Lemma fconnect_stable (a : pred V) x y :
  (forall z, a z -> a (par z)) -> a x -> fconnect par x y -> a y.
Proof. by move=> aS ax /iter_findex <-; elim: findex => //= k IH; apply: aS. Qed.

Lemma fconnect_root x : fconnect par x root.
Proof.
move: (leqnn (rank x)); move: {2}(rank x) => n.
elim: n x => [|n IH] x rx; have [->|xr] := eqVneq x root; rewrite ?connect0 //.
  by have := rank_par xr; lia.
by apply: connect_trans (fconnect1 par x) (IH _ _); have := rank_par xr; lia.
Qed.

Lemma fconnect_rootE y : fconnect par root y = (y == root).
Proof.
apply/idP/idP => [|/eqP->]; last exact: connect0.
apply: (fconnect_stable (a := pred1 root)) => [z /eqP->|]; last exact: eqxx.
by rewrite /= par_root.
Qed.

Lemma mem_subtreeE v x : (x \in subtree v) = (x == v) || (par x \in subtree v).
Proof.
rewrite !inE; apply/idP/orP => [/iter_findex|[/eqP->|]].
- case: findex => [<-|k]; first by left.
  by rewrite iterSr => <-; right; apply: fconnect_iter.
- exact: connect0.
- exact: connect_trans (fconnect1 par x).
Qed.

Lemma subtree_rank v x : x \in subtree v -> (rank v <= rank x)%N.
Proof.
rewrite inE; apply: (fconnect_stable (a := fun z => rank z <= rank x)%N) => //.
by move=> z; apply: leq_trans (rank_par_le z).
Qed.

Lemma subtree_rank_lt v x : x \in subtree v -> x != v -> (rank v < rank x)%N.
Proof.
have [->|xr] := eqVneq x root.
  by rewrite inE fconnect_rootE eq_sym => ->.
rewrite mem_subtreeE => /orP[->//|/subtree_rank rvp] _.
by have := rank_par xr; lia.
Qed.

Lemma separates_sym v x y : separates v x y = separates v y x.
Proof. by rewrite /separates eq_sym. Qed.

_Task_:
Output the whole listing word for word.

_The completed task_:
Lemma fconnect_stable (a : pred V) x y :
  (forall z, a z -> a (par z)) -> a x -> fconnect par x y -> a y.
Proof. by move=> aS ax /iter_findex <-; elim: findex => //= k IH; apply: aS. Qed.

Lemma fconnect_root x : fconnect par x root.
Proof.
move: (leqnn (rank x)); move: {2}(rank x) => n.
elim: n x => [|n IH] x rx; have [->|xr] := eqVneq x root; rewrite ?connect0 //.
  by have := rank_par xr; lia.
by apply: connect_trans (fconnect1 par x) (IH _ _); have := rank_par xr; lia.
Qed.

Lemma fconnect_rootE y : fconnect par root y = (y == root).
Proof.
apply/idP/idP => [|/eqP->]; last exact: connect0.
apply: (fconnect_stable (a := pred1 root)) => [z /eqP->|]; last exact: eqxx.
by rewrite /= par_root.
Qed.

Lemma mem_subtreeE v x : (x \in subtree v) = (x == v) || (par x \in subtree v).
Proof.
rewrite !inE; apply/idP/orP => [/iter_findex|[/eqP->|]].
- case: findex => [<-|k]; first by left.
  by rewrite iterSr => <-; right; apply: fconnect_iter.
- exact: connect0.
- exact: connect_trans (fconnect1 par x).
Qed.

Lemma subtree_rank v x : x \in subtree v -> (rank v <= rank x)%N.
Proof.
rewrite inE; apply: (fconnect_stable (a := fun z => rank z <= rank x)%N) => //.
by move=> z; apply: leq_trans (rank_par_le z).
Qed.

Lemma subtree_rank_lt v x : x \in subtree v -> x != v -> (rank v < rank x)%N.
Proof.
have [->|xr] := eqVneq x root.
  by rewrite inE fconnect_rootE eq_sym => ->.
rewrite mem_subtreeE => /orP[->//|/subtree_rank rvp] _.
by have := rank_par xr; lia.
Qed.

Lemma separates_sym v x y : separates v x y = separates v y x.
Proof. by rewrite /separates eq_sym. Qed.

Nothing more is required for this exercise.